# dry rock setup in red sea max 250



## neebs (Dec 2, 2011)

More questions. So as you can see from the pictures below I have set up my tank and put rocks in it. I was wondering if anyone had an opinion on how much more rock I should buy. Currently about 42 lbs dry rock in there. Also about 55 lbs of sand (Carib-sea seaflor grade argonite sand).

I was thinking about a few pounds for the left side and leaving the rest as is, what do you think?

Also I have been cycling using Dr. Tim`s One and Only and dosing the reagent grade ammonia that comes with it. Anyone here ever do a dry rock only (or almost only) setup?

Immediately prior to dosing Dr. Tim`s and the ammonia (Jan 4), my tank had a pH of 8.1, calcium of 440, salinity of 1.024, and temp of 28 (Ammonia, nitrites and nitrates all at 0).

January 7 Ammonia was up to .5 ppm , nitrites up to .25 and nitrates at 0 ppm . I thereafter dosed some ammonia.

January 8 ammonia is .5 ppm , Nitrites are 1.0 ppm and Nitrates are 5 -10 ppm 

January 9, ammonia approx. 0 ppm , Nitrites are 2.0 ppm and Nitrates are 10 ppm.

When my nitrites drop to 0, am I essentially ready to add clean up crew after a water change?

So far I have not been turning the lights on in my tank, nor have I been running the skimmer or put the activated carbon in. When should I do that?


Thanks!


----------



## amdninjaboy (Dec 9, 2011)

I didnt use Dr.Tims.. I did start my tank with mostly dry base rock and bought 4 pieces of live rock and put that on top of the base rock.. You cant tell now which was live rock or base rock as it is all covered in coralline algae.

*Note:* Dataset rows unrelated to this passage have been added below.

(* The client of an internal choice offers every label, replying to [l0] with the
   given [rho0] and to the other labels with canonical clients. *)
Lemma complies_Ext_client bs l0 x0 rho0 : SC (Int bs) -> In (l0, x0) bs ->
  SC rho0 -> complies B rho0 x0 ->
  exists cs, SC (Ext cs) /\ complies B (Ext cs) (Int bs) /\
    map fst cs = map fst bs /\ In (l0, rho0) cs.
Proof.
  intros Hs Hin Sr Cr. pose proof Hs as (Hne & Hnd & Hsub)%SC_Int.
  destruct (in_split _ _ Hin) as (pre & post & ->).
  set (cs := map_branches client pre ++ (l0, rho0) :: map_branches client post).
  assert (Hfst : map fst cs = map fst (pre ++ (l0, x0) :: post)).
  { unfold cs. rewrite !map_app. simpl. now rewrite !map_fst_map_branches. }
  assert (Hmem : forall l r, In (l, r) cs -> (l = l0 /\ r = rho0) \/
                   exists x, In (l, x) (pre ++ (l0, x0) :: post) /\ r = client x).
  { intros l r Hr. apply in_app_or in Hr as [Hr | [E | Hr]].
    - apply in_map_branches in Hr as (x & Hx & ->). right. exists x. auto using in_or_app.
    - injection E as <- <-. auto.
    - apply in_map_branches in Hr as (x & Hx & ->). right. exists x.
      split; auto. apply in_or_app. right; right; auto. }
  exists cs. split; [|split; [|split; auto]].
  - apply SC_Ext. split; [unfold cs; destruct (map_branches client pre); discriminate|].
    split; [now rewrite Hfst|].
    intros l t Ht. destruct (Hmem l t Ht) as [[_ ->] | (x & Hx & ->)]; auto.
    apply SC_client. eauto.
  - apply complies_Ext_Int; auto. intros l x Hx. split.
    + apply in_app_or in Hx as [Hx | [E | Hx]].
      * exists (client x). apply in_or_app. left. apply in_map_branches; eauto.
      * injection E as <- <-. exists rho0. apply in_or_app. right. left; auto.
      * exists (client x). apply in_or_app. right. right. apply in_map_branches; eauto.
    + intros r Hr. destruct (Hmem l r Hr) as [[-> ->] | (x' & Hx' & ->)].
      * now rewrite (NoDup_fst_In_eq _ _ _ _ Hnd Hx Hin).
      * rewrite (NoDup_fst_In_eq _ _ _ _ Hnd Hx Hx'). apply client_ok. eauto.
  - unfold cs. apply in_or_app. right. left. auto.
Qed.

That took about 9 months..
When your nitrites hit 0, then do a water change and you are ready to add fish slowly.. You will have some bacteria in there to do the clean up job but you need to build it up to be able to handle the larger bio-load.. I didnt add any clean up crew until about 3-4 months in as there really isnt anything in the tank for them to eat untill you have some fish in there and some algae starts growing. Skimmer wont do anything either until you have stuff in the water for it to skim.. Doesnt hurt to have it running as it does add oxygen to the water, you just wont see alot of skimmate until later on, and if you have a light bioload your skim will be light as well. I have 4 fish in my 90 Gal and I get about 3 cups of skimmate every week. Some say they have to empty their skimmer cup everyday, ive never had that much..
You only really need the light to see the fish so until you have fish you dont need the lights on.. 
Looks like you have about enough rock in there, maybe get a couple pieces of live rock to help with the bacteria population.. Or if you dont want to buy live rock, if you know someone who can give you some coralline algae scrapings you can put that in the tank it it will kick start the algae growing on your rock..

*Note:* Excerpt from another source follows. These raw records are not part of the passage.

(* Let $f,g$ satisfy the standing assumptions below, fix $\hat\beta>0$, and suppose $\beta\ge\frac{2Q_gM_f}{\mu^3}$. Then for any $(x,y)\in\mathbb{R}^n\times\mathbb{R}^p$, $0\in\mathcal{D}_h(x,y)$ if and only if $0\in\hat{\mathcal{D}}_s(x,y)$.
   Context: Standing assumptions. (A1) Constants $M_f,\mu,L_g,Q_g>0$ exist such that: $f:\mathbb{R}^n\times\mathbb{R}^p\to\mathbb{R}$ is $M_f$-Lipschitz; $g$ is twice differentiable with $\nabla^2_{yy}g\succeq\mu I_p$; $\nabla g$ is $L_g$-Lipschitz; $\nabla^2_{yy}g,\nabla^2_{xy}g$ are $Q_g$-Lipschitz; $\nabla^2_{yy}g$ is continuously differentiable ($\nabla^2_{xy}g\in\mathbb{R}^{n\times p}$ has entries $\partial^2g/\partial x_i\partial y_j$). (A2) $f$ is a potential function of a conservative field $\mathcal{D}_f$ with compact convex values of norm at most $M_f$. Notation (all at $(x,y)$): $H=\nabla^2_{yy}g$; $\mathcal{A}(x,y):=y-H^{-1}\nabla_yg$; $\nabla^3_{xyy}g(x,y)[d]:=\lim_{t\to0}\frac1t(\nabla^2_{xy}g(x,y+td)-\nabla^2_{xy}g(x,y))$, $\nabla^3_{yyy}g(x,y)[d]:=\lim_{t\to0}\frac1t(\nabla^2_{yy}g(x,y+td)-\nabla^2_{yy}g(x,y))$; $J_{A,x}:=-\nabla^2_{xy}gH^{-1}+\nabla^3_{xyy}g[H^{-1}\nabla_yg]H^{-1}$, $J_{A,y}:=\nabla^3_{yyy}g[H^{-1}\nabla_yg]H^{-1}$; $\mathcal{D}_h(x,y):=\{(d_x+J_{A,x}d_y+\beta\nabla^2_{xy}g\nabla_yg,\ J_{A,y}d_y+\beta H\nabla_yg):(d_x,d_y)\in\mathcal{D}_f(x,\mathcal{A}(x,y))\}$; $\hat{\mathcal{D}}_s(x,y):=\{(d_x-\nabla^2_{xy}gH^{-1}d_y,\ \hat\beta\nabla_yg):(d_x,d_y)\in\mathcal{D}_f(x,\mathcal{A}(x,y))\}$. *)

From HB Require Import structures.
From mathcomp Require Import all_boot all_order all_algebra.
From mathcomp Require Import all_classical all_reals all_analysis.
Set Implicit Arguments. Unset Strict Implicit. Unset Printing Implicit Defensive.
Import Order.TTheory GRing.Theory Num.Theory.
Import numFieldNormedType.Exports.
Local Open Scope classical_set_scope.
Local Open Scope ring_scope.

Section Defs.
Context {R : realType} {n p : nat}.

Notation Z := ('cV[R]_n * 'cV[R]_p)%type.

Definition sqnorm {m : nat} (v : 'cV[R]_m) : R := \sum_(i < m) v i 0 ^+ 2.
Definition enorm {m : nat} (v : 'cV[R]_m) : R := Num.sqrt (sqnorm v).
Definition pnorm (z : Z) : R := Num.sqrt (sqnorm z.1 + sqnorm z.2).
Definition pdot (z w : Z) : R :=
  \sum_(i < n) z.1 i 0 * w.1 i 0 + \sum_(j < p) z.2 j 0 * w.2 j 0.

Definition ex (i : 'I_n) : Z := (delta_mx i 0, 0).
Definition ey (j : 'I_p) : Z := (0, delta_mx j 0).

Definition gradx (g : Z -> R) (z : Z) : 'cV[R]_n := \col_i derive g z (ex i).
Definition grady (g : Z -> R) (z : Z) : 'cV[R]_p := \col_j derive g z (ey j).
Definition grad (g : Z -> R) (z : Z) : Z := (gradx g z, grady g z).

Definition Hyy (g : Z -> R) (z : Z) : 'M[R]_p :=
  \matrix_(i, j) derive (fun w => derive g w (ey j)) z (ey i).
Definition Hxy (g : Z -> R) (z : Z) : 'M[R]_(n, p) :=
  \matrix_(i, j) derive (fun w => derive g w (ey j)) z (ex i).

I looked at the pics again, you could use a couple more pieces of rock at the ends if you want to, does look a little sparse at the ends but if you like that look of the rock you can work with that.. Also have you glued or somehow secured the rock to itself? I notice its piled in the middle, if you dont have it glued together or pinned together you can almost guarantee you will have some rock fall over .. I had my rock like that at the start but came home to 4 pieces of it laying against the front pane of glass, luckily it didnt break it.. So I now have it glued as well as using the back pane of glass for support. Just a thought..

HTH,
Shane.


----------



## poobar (Feb 20, 2011)

Can't really see from the pics, but the rock closest to the glass on the right looks very close, which will make cleaning difficult.
If it is as close as it looks, I would move it.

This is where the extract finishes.